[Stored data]
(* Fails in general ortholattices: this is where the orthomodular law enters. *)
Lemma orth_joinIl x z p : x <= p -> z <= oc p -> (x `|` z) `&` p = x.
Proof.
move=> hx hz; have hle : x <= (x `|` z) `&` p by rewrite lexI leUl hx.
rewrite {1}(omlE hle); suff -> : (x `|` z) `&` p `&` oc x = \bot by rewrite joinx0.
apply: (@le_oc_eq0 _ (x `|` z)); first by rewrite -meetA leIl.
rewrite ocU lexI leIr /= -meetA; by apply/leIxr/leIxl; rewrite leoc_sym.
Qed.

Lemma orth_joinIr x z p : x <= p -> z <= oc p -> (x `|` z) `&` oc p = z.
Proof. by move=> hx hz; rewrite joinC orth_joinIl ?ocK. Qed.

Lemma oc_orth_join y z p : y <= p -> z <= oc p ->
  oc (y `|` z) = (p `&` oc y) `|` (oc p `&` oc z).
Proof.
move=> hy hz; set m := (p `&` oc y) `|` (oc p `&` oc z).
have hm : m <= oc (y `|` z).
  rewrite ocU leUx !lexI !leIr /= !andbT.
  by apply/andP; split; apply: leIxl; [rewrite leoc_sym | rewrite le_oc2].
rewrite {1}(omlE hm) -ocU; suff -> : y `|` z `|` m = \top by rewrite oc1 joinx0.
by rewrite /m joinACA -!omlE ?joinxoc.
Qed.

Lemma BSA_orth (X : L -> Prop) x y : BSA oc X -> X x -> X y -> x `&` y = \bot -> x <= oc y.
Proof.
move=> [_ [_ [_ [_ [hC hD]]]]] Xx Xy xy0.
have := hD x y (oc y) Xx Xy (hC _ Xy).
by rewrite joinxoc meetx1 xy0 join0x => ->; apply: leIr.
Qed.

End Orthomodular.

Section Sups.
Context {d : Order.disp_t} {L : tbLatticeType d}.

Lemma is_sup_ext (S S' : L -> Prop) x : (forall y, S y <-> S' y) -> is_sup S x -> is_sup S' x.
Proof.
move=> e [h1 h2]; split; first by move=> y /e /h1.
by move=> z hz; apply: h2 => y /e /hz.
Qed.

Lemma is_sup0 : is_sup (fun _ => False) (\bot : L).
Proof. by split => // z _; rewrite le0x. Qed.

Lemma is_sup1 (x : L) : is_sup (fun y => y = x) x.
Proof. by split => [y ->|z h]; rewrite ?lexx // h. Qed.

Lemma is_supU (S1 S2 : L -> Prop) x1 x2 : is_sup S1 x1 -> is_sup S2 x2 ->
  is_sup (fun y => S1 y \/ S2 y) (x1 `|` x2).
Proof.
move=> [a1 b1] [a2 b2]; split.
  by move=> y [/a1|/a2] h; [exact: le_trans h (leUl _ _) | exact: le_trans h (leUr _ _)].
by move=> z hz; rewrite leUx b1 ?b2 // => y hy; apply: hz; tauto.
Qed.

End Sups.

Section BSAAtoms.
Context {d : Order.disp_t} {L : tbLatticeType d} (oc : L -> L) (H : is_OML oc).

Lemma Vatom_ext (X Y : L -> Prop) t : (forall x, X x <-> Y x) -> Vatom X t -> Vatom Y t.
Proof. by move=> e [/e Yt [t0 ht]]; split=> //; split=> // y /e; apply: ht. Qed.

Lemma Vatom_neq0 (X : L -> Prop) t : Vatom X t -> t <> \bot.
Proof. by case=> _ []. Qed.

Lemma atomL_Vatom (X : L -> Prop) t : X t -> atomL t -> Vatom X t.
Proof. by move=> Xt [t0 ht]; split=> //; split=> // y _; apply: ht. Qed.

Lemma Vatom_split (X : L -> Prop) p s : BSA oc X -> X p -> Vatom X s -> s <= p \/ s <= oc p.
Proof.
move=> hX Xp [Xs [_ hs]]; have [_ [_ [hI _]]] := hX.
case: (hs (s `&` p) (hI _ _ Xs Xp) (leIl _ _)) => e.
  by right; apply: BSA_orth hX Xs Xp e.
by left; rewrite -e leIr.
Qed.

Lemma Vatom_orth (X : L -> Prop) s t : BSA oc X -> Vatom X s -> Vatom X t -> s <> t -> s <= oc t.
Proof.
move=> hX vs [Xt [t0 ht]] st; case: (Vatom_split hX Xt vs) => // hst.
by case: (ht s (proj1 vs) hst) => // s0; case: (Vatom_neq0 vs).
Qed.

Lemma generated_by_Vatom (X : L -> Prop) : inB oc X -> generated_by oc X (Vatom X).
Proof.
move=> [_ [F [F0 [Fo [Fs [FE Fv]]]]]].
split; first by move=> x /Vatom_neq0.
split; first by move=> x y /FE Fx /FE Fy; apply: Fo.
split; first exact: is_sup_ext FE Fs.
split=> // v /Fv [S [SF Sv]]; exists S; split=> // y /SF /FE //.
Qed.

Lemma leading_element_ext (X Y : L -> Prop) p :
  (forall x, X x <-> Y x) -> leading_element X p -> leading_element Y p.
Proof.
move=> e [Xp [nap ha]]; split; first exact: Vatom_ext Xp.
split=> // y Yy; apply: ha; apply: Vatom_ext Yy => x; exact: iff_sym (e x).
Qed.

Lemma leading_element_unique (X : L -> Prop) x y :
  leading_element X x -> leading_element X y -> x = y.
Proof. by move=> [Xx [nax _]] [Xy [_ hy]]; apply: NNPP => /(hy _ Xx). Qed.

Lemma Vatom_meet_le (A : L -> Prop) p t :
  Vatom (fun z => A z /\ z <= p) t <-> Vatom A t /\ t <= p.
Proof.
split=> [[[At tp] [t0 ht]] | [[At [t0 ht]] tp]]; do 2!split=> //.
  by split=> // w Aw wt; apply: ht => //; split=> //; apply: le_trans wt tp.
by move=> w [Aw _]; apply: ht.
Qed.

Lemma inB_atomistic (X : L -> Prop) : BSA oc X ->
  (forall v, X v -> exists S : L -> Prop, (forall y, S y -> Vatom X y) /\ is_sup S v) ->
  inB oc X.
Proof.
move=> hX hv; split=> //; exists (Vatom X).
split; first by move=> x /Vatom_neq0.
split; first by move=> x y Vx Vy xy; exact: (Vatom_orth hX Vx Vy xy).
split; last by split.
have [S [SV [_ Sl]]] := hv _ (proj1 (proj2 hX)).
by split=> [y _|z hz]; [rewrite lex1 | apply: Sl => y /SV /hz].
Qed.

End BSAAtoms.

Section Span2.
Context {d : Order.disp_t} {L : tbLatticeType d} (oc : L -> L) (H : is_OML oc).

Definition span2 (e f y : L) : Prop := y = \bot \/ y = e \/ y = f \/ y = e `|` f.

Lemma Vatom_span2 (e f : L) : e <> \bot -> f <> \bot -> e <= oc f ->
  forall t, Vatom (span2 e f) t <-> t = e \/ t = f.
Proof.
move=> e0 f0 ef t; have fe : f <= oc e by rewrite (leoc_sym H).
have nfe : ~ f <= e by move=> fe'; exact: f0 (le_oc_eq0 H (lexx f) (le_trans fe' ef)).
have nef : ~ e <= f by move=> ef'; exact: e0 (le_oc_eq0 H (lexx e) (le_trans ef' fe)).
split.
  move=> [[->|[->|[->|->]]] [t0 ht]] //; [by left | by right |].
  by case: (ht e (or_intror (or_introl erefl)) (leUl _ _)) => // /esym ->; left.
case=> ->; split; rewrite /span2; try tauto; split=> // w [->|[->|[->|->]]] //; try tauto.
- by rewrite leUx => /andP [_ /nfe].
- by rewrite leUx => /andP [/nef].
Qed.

» Exercise goal
Please print verbatim each line from the first line of the entries above to the line that contains "Lemma is_sup0 : is_sup", inclusive, and nothing more.

» Your solution
(* Fails in general ortholattices: this is where the orthomodular law enters. *)
Lemma orth_joinIl x z p : x <= p -> z <= oc p -> (x `|` z) `&` p = x.
Proof.
move=> hx hz; have hle : x <= (x `|` z) `&` p by rewrite lexI leUl hx.
rewrite {1}(omlE hle); suff -> : (x `|` z) `&` p `&` oc x = \bot by rewrite joinx0.
apply: (@le_oc_eq0 _ (x `|` z)); first by rewrite -meetA leIl.
rewrite ocU lexI leIr /= -meetA; by apply/leIxr/leIxl; rewrite leoc_sym.
Qed.

Lemma orth_joinIr x z p : x <= p -> z <= oc p -> (x `|` z) `&` oc p = z.
Proof. by move=> hx hz; rewrite joinC orth_joinIl ?ocK. Qed.

Lemma oc_orth_join y z p : y <= p -> z <= oc p ->
  oc (y `|` z) = (p `&` oc y) `|` (oc p `&` oc z).
Proof.
move=> hy hz; set m := (p `&` oc y) `|` (oc p `&` oc z).
have hm : m <= oc (y `|` z).
  rewrite ocU leUx !lexI !leIr /= !andbT.
  by apply/andP; split; apply: leIxl; [rewrite leoc_sym | rewrite le_oc2].
rewrite {1}(omlE hm) -ocU; suff -> : y `|` z `|` m = \top by rewrite oc1 joinx0.
by rewrite /m joinACA -!omlE ?joinxoc.
Qed.

Lemma BSA_orth (X : L -> Prop) x y : BSA oc X -> X x -> X y -> x `&` y = \bot -> x <= oc y.
Proof.
move=> [_ [_ [_ [_ [hC hD]]]]] Xx Xy xy0.
have := hD x y (oc y) Xx Xy (hC _ Xy).
by rewrite joinxoc meetx1 xy0 join0x => ->; apply: leIr.
Qed.

End Orthomodular.

Section Sups.
Context {d : Order.disp_t} {L : tbLatticeType d}.

Lemma is_sup_ext (S S' : L -> Prop) x : (forall y, S y <-> S' y) -> is_sup S x -> is_sup S' x.
Proof.
move=> e [h1 h2]; split; first by move=> y /e /h1.
by move=> z hz; apply: h2 => y /e /hz.
Qed.

Lemma is_sup0 : is_sup (fun _ => False) (\bot : L).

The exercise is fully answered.